Раньше обо всем этом так не думалось. Наверное, сознание того, что я на родине, русская речь, надписи на родном языке напомнили слишком красноречиво, что это дом и что я здесь не гость, за которым должны ухаживать, а полноправный хозяин. И я понял, что не смирюсь, что буду драться с судьбой за то, чтобы в действительности стать человеком.

2

Еще не закончился февраль, а по утрам в окна палаты ослепительно светит солнце. Над крышей серого двухэтажного дома напротив по-летнему голубое небо, без единого пятнышка. Окна первого этажа в том доме украшены узорными металлическими решетками. По вечерам перед ними на тротуаре собирается народ: мужчины в кепках с огромными козырьками, подростки в черных спецовках ремесленников, инвалид на костылях в мокрой от пота гимнастерке. Там, на тротуаре, устанавливают низенький столик и два стула с укороченными ножками. К столику садятся играть в нарды два медлительных седоусых старика в таких же, как и у обступивших столик болельщиков, кепках с огромными козырьками. Играющие курят, болельщики услужливо подносят им огонек. Из открытых окон дома время от времени вырывается сварливый женский крик, на который ни сидящие за нардами старики, ни стоящие вокруг болельщики никак не откликаются…

В большом дворе — он хорошо виден из окна нашей палаты на третьем этаже — по красноватой и твердой глинистой земле черноголовые пацаны в одних рубашках носятся за футбольным мячом, сталкиваются, падают. На веревке, протянутой от дерева к дереву, женщина в сарафане развешивает белье.
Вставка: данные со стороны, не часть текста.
Lemma partial_chain U g gu gv cu cv t0 du dv : open2 U ->
  partial_u U g gu -> partial_v U g gv -> continuous2 U gu -> U (cu t0) (cv t0) ->
  derivable_pt_lim cu t0 du -> derivable_pt_lim cv t0 dv ->
  derivable_pt_lim (fun t => g (cu t) (cv t)) t0
    (gu (cu t0) (cv t0) * du + gv (cu t0) (cv t0) * dv).
Proof.
  intros HU Hu Hv Hc H0 Du Dv.
  set (u0 := cu t0) in *; set (v0 := cv t0) in *.
  apply uniqueness_step3.
  (* [g (cu t) (cv t) - g u0 v0 = quot_u ... * (cu t - u0) + (g u0 (cv t) - g u0 v0)] *)
  apply (limit1_ext (fun h => quot_u g gu u0 (cu (t0 + h)) (cv (t0 + h))
                        * ((cu (t0 + h) - cu t0) / h)
                      + (g u0 (cv (t0 + h)) - g u0 (cv t0)) / h)).
  { intros h Hh. unfold quot_u. fold u0 v0.
    destruct (Req_dec_T (cu (t0 + h)) u0) as [->|Hne].
    - unfold Rminus at 1. rewrite Rplus_opp_r. field; assumption.
    - field. split; [assumption|]. intro Z. apply Hne. lra. }
  apply limit_plus; [apply limit_mul|].
  - intros eps Heps.
    destruct (quot_u_near U g gu u0 v0 HU Hu Hc H0 eps Heps) as [d [Hd Hq]].
    destruct (derivable_pt_lim_near cu t0 du Du d Hd) as [a1 [Ha1 Ca]].
    destruct (derivable_pt_lim_near cv t0 dv Dv d Hd) as [a2 [Ha2 Cb]].
    exists (Rmin a1 a2); split; [apply Rmin_pos; assumption|].
    intros h [_ Hlt]. simpl in *. unfold R_dist in *. rewrite Rminus_0_r in Hlt.
    pose proof (Rmin_l a1 a2); pose proof (Rmin_r a1 a2).
    apply Hq; [apply Ca|apply Cb]; replace (t0 + h - t0) with h by ring; lra.
  - exact (uniqueness_step2 cu t0 du Du).
  - apply (uniqueness_step2 (fun t => g u0 (cv t))).
    exact (derivable_pt_lim_comp cv (fun s => g u0 s) t0 dv (gv u0 v0) Dv (Hv u0 v0 H0)).
Qed.

(* Both mixed partials equal [Δ / h^2], where [Δ] is the double difference of
   [g] on the square [u, u + h] x [v, v + h]. *)
Lemma mixed_partials_square U g gu gv guv gvu u v h :
  partial_u U g gu -> partial_v U g gv -> partial_v U gu guv -> partial_u U gv gvu ->
  0 < h -> (forall s s', u <= s <= u + h -> v <= s' <= v + h -> U s s') ->
  exists a b a' b', u < a < u + h /\ v < b < v + h /\ u < a' < u + h /\ v < b' < v + h /\
    guv a b = gvu a' b'.
Proof.
  intros Hu Hv Huv Hvu Hh Bx.
  destruct (MVT_cor2 (fun s => g s (v + h) - g s v) (fun s => gu s (v + h) - gu s v) u (u + h))
    as [a [Ea Ia]]; [lra| |].
  { intros c Hc. apply derivable_pt_lim_minus; apply Hu, Bx; lra. }
  destruct (MVT_cor2 (fun s => gu a s) (fun s => guv a s) v (v + h)) as [b [Eb Ib]]; [lra| |].
  { intros c Hc. apply Huv, Bx; lra. }
  destruct (MVT_cor2 (fun s => g (u + h) s - g u s) (fun s => gv (u + h) s - gv u s) v (v + h))
    as [b' [Eb' Ib']]; [lra| |].
  { intros c Hc. apply derivable_pt_lim_minus; apply Hv, Bx; lra. }
  destruct (MVT_cor2 (fun s => gv s b') (fun s => gvu s b') u (u + h)) as [a' [Ea' Ia']];
    [lra| |].
  { intros c Hc. apply Hvu, Bx; lra. }
  exists a, b, a', b'. do 4 (split; [lra|]).
  apply (Rmult_eq_reg_r (h * h)); [|nra].
  replace (u + h - u) with h in * by ring. replace (v + h - v) with h in * by ring.
  transitivity ((gu a (v + h) - gu a v) * h); [rewrite Eb; ring|].
  transitivity ((gv (u + h) b' - gv u b') * h); [|rewrite Ea'; ring].
  rewrite <- Ea, <- Eb'. ring.
Qed.

Lemma partial_schwarz U g gu gv guv gvu u v : open2 U ->
  partial_u U g gu -> partial_v U g gv -> partial_v U gu guv -> partial_u U gv gvu ->
  continuous2 U guv -> continuous2 U gvu -> U u v -> guv u v = gvu u v.
Proof.
  intros HU Hu Hv Huv Hvu C1 C2 H.
  destruct (Req_dec (guv u v - gvu u v) 0) as [Z|Z]; [lra|exfalso].
  set (eps := Rabs (guv u v - gvu u v) / 4).
  assert (Heps : 0 < eps) by (unfold eps; apply Rabs_pos_lt in Z; lra).
  destruct (HU u v H) as [e [He Hb]].
  destruct (C1 u v H eps Heps) as [d1 [Hd1 B1]], (C2 u v H eps Heps) as [d2 [Hd2 B2]].
  set (h := Rmin e (Rmin d1 d2) / 2).
  assert (Hm : 0 < Rmin e (Rmin d1 d2)) by (repeat apply Rmin_pos; assumption).
  pose proof (Rmin_l e (Rmin d1 d2)); pose proof (Rmin_r e (Rmin d1 d2));
    pose proof (Rmin_l d1 d2); pose proof (Rmin_r d1 d2).
  destruct (mixed_partials_square U g gu gv guv gvu u v h Hu Hv Huv Hvu)
    as (a & b & a' & b' & Ia & Ib & Ia' & Ib' & Eq); [unfold h; lra| |].
  { intros s s' Hs Hs'. apply Hb; apply Rabs_def1; unfold h in *; lra. }
  assert (R1 : Rabs (guv a b - guv u v) < eps)
    by (apply B1; [apply Hb| |]; apply Rabs_def1; unfold h in *; lra).
  assert (R2 : Rabs (gvu a' b' - gvu u v) < eps)
    by (apply B2; [apply Hb| |]; apply Rabs_def1; unfold h in *; lra).
  rewrite Eq in R1. apply Rabs_def2 in R1. apply Rabs_def2 in R2.
  assert (Hx : Rabs (guv u v - gvu u v) < 2 * eps) by (apply Rabs_def1; lra).
  unfold eps in Hx. pose proof (Rabs_pos (guv u v - gvu u v)). lra.
Qed.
Тепло…

Поверить невозможно, что всего недели две тому назад перед глазами за окнами санпоезда лежали заснеженные украинские степи, возникали и исчезали лесопосадки с черными голыми ветвями, замаскированные снегом пепелища — останки сел, чернокирпичные холмы, сдающиеся в плен печные трубы, забеленные снегом линии окопов и ходов сообщений…
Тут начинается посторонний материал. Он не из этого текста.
(* Let $\epsilon>0$, let $s\ge 2$ be an integer, and let $0<p<\frac{s-1}{s}$. Then there exists $t=t(\epsilon,s,p)$ with the following property. For every $n$ and every $s$-wise $t$-intersecting family $\mathcal F\subseteq 2^{[n]}$, we have $\mu_p(\mathcal F)<\epsilon$.
   Context: Here $[n]=\{0,1,\dots,n-1\}$ and $2^{[n]}$ is the set of all subsets of $[n]$. A family $\mathcal F\subseteq 2^{[n]}$ is $s$-wise $t$-intersecting if $|F_1\cap\cdots\cap F_s|\ge t$ for every $F_1,\dots,F_s\in\mathcal F$. For $F\subseteq[n]$ define $\mu_p(F)=p^{|F|}(1-p)^{n-|F|}$, and for a family define $\mu_p(\mathcal F)=\sum_{F\in\mathcal F}\mu_p(F)$. Equivalently, $\mu_p(\mathcal F)$ is the probability that a random subset of $[n]$, containing each element independently with probability $p$, lies in $\mathcal F$. *)

From mathcomp Require Import all_boot all_order all_algebra.
From mathcomp Require Import reals.
Set Implicit Arguments. Unset Strict Implicit. Unset Printing Implicit Defensive.
Import Order.TTheory GRing.Theory Num.Theory.
Local Open Scope ring_scope.

(* [n] = 'I_n ; subsets of [n] are {set 'I_n}; families are {set {set 'I_n}}. *)

(* F is s-wise t-intersecting: for every F_1,...,F_s in F (repetitions allowed),
   |F_1 ∩ ... ∩ F_s| >= t. *)
Definition swise_tintersecting (n s t : nat) (F : {set {set 'I_n}}) : Prop :=
  forall G : 'I_s -> {set 'I_n}, (forall i, G i \in F) ->
    (t <= #|\bigcap_(i < s) G i|)%N.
Рубаба, палатная сестра, смуглая, как индианка, черноволосая и черноглазая, в первый день почему-то приняла меня за азербайджанца и заговорила со мной на своем языке. А когда поняла ошибку, весело захохотала. И мне стало радостно от ошибки ее и хохота. Пусть завезли меня в Баку, пусть он дальше от моей Одессы, чем Румыния, Венгрия и даже Австрия, — пусть! Все равно это Советский Союз, родина. Здесь меня поймет каждый, и я пойму каждого…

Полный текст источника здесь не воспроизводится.